◆ **PROBLEM STATEMENT**:
Go through the entries below and print, exactly, the lines starting at the one with "Definition is_nbr_ordering (N" and ending at the one with "(sigma_v : nat -> nat) : Prop", keeping both ends and no others.
------------------------------------------------------------
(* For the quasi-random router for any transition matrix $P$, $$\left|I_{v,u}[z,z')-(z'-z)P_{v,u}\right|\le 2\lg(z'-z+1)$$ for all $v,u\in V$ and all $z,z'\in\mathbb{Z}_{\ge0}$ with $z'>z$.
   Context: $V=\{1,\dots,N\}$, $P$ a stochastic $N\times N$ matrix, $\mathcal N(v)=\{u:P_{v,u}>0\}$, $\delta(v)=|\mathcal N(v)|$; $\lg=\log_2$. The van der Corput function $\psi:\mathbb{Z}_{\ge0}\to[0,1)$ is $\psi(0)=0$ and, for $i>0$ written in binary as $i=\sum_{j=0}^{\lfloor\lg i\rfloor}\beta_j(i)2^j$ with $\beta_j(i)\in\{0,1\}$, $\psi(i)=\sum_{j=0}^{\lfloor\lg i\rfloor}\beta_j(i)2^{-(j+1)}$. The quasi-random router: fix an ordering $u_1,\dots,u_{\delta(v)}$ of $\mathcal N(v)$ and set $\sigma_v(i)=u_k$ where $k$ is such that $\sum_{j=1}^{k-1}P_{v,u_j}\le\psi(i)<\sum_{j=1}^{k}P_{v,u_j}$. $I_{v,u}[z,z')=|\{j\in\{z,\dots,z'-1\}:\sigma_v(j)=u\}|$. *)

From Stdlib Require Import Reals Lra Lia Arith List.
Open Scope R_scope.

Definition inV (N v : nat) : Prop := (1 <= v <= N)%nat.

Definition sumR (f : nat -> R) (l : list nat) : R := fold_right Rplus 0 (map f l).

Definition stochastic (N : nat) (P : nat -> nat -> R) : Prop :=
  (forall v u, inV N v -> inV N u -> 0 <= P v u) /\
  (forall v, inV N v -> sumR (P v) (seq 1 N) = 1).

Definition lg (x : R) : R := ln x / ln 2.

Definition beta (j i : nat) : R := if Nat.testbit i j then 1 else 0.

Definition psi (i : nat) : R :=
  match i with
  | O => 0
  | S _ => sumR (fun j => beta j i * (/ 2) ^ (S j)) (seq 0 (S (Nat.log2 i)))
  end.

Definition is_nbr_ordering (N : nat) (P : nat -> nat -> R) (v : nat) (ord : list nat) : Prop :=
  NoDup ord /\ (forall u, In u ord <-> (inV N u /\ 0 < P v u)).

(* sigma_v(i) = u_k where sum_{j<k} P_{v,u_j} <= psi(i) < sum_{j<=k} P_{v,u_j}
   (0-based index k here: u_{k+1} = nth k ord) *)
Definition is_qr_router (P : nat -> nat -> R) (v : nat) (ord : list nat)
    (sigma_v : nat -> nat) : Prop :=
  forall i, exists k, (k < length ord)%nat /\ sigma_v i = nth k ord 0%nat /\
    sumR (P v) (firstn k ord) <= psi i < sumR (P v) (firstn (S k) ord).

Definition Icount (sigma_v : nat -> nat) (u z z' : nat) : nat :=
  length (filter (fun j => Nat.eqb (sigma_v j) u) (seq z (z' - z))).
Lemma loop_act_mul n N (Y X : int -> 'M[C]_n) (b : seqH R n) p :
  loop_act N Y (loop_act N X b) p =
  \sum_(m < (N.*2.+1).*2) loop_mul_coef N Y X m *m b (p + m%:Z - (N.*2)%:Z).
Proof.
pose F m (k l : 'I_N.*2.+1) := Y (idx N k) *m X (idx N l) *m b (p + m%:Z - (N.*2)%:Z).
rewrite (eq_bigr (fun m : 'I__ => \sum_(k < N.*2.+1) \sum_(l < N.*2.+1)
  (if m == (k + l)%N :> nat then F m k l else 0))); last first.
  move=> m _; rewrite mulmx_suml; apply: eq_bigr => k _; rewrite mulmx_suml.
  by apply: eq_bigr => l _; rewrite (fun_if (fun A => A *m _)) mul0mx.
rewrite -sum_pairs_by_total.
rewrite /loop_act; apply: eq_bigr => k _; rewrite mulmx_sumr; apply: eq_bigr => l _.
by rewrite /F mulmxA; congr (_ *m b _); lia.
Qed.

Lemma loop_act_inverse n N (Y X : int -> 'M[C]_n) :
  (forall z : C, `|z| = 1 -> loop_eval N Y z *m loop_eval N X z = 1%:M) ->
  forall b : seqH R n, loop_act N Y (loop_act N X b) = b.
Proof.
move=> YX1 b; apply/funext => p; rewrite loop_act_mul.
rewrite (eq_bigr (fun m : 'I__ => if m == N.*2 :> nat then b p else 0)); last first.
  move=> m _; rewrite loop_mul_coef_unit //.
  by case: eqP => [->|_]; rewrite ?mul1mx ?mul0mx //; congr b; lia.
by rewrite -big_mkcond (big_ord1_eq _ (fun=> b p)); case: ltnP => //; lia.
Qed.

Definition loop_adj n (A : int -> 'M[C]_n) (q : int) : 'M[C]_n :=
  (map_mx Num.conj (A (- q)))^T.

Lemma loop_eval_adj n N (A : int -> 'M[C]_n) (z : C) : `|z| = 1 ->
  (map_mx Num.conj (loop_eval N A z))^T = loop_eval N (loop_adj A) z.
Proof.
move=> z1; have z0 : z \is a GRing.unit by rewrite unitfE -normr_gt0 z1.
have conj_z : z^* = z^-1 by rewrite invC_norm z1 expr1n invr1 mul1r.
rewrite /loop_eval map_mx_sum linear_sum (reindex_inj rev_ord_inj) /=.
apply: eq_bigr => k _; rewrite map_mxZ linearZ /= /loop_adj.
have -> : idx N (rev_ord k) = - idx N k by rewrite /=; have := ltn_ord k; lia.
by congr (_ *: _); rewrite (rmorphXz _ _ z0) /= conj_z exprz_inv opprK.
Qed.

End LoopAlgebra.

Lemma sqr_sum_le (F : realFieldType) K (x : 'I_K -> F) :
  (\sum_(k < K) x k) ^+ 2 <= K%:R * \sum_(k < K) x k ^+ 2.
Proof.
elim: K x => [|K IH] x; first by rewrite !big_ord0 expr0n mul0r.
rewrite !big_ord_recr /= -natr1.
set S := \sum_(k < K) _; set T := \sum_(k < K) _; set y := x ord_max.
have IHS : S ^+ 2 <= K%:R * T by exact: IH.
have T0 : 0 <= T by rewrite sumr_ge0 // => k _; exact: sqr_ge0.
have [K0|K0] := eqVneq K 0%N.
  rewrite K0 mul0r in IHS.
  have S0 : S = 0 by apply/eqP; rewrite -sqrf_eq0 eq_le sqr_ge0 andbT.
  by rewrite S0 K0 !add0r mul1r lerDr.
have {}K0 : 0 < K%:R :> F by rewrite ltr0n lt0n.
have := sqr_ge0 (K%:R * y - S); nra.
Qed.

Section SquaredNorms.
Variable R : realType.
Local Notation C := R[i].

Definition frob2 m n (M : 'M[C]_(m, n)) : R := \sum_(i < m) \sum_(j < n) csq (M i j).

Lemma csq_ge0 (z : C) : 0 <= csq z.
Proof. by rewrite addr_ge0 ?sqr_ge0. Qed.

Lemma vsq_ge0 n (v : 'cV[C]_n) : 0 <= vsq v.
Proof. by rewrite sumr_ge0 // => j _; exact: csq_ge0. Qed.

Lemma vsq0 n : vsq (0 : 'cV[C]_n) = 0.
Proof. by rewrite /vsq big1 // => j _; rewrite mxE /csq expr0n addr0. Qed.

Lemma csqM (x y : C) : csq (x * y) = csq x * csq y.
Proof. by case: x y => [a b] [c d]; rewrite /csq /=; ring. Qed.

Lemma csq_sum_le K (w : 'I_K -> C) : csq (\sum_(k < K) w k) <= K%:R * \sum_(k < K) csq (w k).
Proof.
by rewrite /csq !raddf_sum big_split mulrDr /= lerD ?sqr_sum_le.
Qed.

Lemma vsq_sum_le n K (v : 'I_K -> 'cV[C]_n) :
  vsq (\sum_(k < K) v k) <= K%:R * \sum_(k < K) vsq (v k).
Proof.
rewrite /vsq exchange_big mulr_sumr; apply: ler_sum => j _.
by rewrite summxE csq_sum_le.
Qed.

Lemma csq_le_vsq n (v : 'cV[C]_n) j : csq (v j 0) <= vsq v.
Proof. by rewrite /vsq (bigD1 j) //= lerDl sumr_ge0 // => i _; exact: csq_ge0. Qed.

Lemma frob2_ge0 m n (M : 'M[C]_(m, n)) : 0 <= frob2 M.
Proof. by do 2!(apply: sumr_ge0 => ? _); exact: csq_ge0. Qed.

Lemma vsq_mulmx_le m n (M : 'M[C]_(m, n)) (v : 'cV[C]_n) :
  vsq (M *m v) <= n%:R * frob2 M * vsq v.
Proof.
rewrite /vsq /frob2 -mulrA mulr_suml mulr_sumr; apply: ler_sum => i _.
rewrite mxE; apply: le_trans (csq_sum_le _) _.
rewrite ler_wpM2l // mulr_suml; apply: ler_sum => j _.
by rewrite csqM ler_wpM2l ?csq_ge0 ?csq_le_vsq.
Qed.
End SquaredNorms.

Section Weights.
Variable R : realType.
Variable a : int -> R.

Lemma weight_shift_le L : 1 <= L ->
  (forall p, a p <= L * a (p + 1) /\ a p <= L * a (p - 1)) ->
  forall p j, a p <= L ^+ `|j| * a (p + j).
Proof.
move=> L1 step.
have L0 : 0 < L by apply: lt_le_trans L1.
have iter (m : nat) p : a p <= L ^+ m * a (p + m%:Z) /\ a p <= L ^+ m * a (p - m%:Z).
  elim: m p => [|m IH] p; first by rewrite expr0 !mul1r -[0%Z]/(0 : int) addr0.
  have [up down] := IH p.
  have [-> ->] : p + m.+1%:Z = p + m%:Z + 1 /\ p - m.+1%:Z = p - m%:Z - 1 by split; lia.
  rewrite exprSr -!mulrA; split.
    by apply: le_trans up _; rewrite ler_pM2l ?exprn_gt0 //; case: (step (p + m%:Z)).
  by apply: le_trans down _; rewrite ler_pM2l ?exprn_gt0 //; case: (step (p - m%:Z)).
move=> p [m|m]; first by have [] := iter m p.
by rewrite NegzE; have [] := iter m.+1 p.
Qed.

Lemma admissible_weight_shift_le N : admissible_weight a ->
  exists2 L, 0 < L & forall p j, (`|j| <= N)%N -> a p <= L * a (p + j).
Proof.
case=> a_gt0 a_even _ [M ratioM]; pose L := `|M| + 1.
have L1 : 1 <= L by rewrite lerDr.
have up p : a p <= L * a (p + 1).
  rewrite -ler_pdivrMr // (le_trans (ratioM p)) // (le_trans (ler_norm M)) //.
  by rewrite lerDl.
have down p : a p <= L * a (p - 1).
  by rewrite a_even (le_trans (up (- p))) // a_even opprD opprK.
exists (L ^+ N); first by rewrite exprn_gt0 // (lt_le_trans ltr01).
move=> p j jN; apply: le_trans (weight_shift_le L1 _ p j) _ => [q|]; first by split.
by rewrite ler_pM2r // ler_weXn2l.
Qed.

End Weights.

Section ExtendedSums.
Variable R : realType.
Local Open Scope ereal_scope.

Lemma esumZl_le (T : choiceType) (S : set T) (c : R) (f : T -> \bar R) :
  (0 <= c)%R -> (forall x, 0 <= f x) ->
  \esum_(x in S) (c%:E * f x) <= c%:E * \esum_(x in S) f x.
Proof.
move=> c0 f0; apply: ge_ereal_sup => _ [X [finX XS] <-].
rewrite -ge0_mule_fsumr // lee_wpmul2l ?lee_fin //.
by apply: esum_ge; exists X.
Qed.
------------------------------------------------------------
◆ **YOUR RESPONSE**:
Definition is_nbr_ordering (N : nat) (P : nat -> nat -> R) (v : nat) (ord : list nat) : Prop :=
  NoDup ord /\ (forall u, In u ord <-> (inV N u /\ 0 < P v u)).

(* sigma_v(i) = u_k where sum_{j<k} P_{v,u_j} <= psi(i) < sum_{j<=k} P_{v,u_j}
   (0-based index k here: u_{k+1} = nth k ord) *)
Definition is_qr_router (P : nat -> nat -> R) (v : nat) (ord : list nat)
    (sigma_v : nat -> nat) : Prop :=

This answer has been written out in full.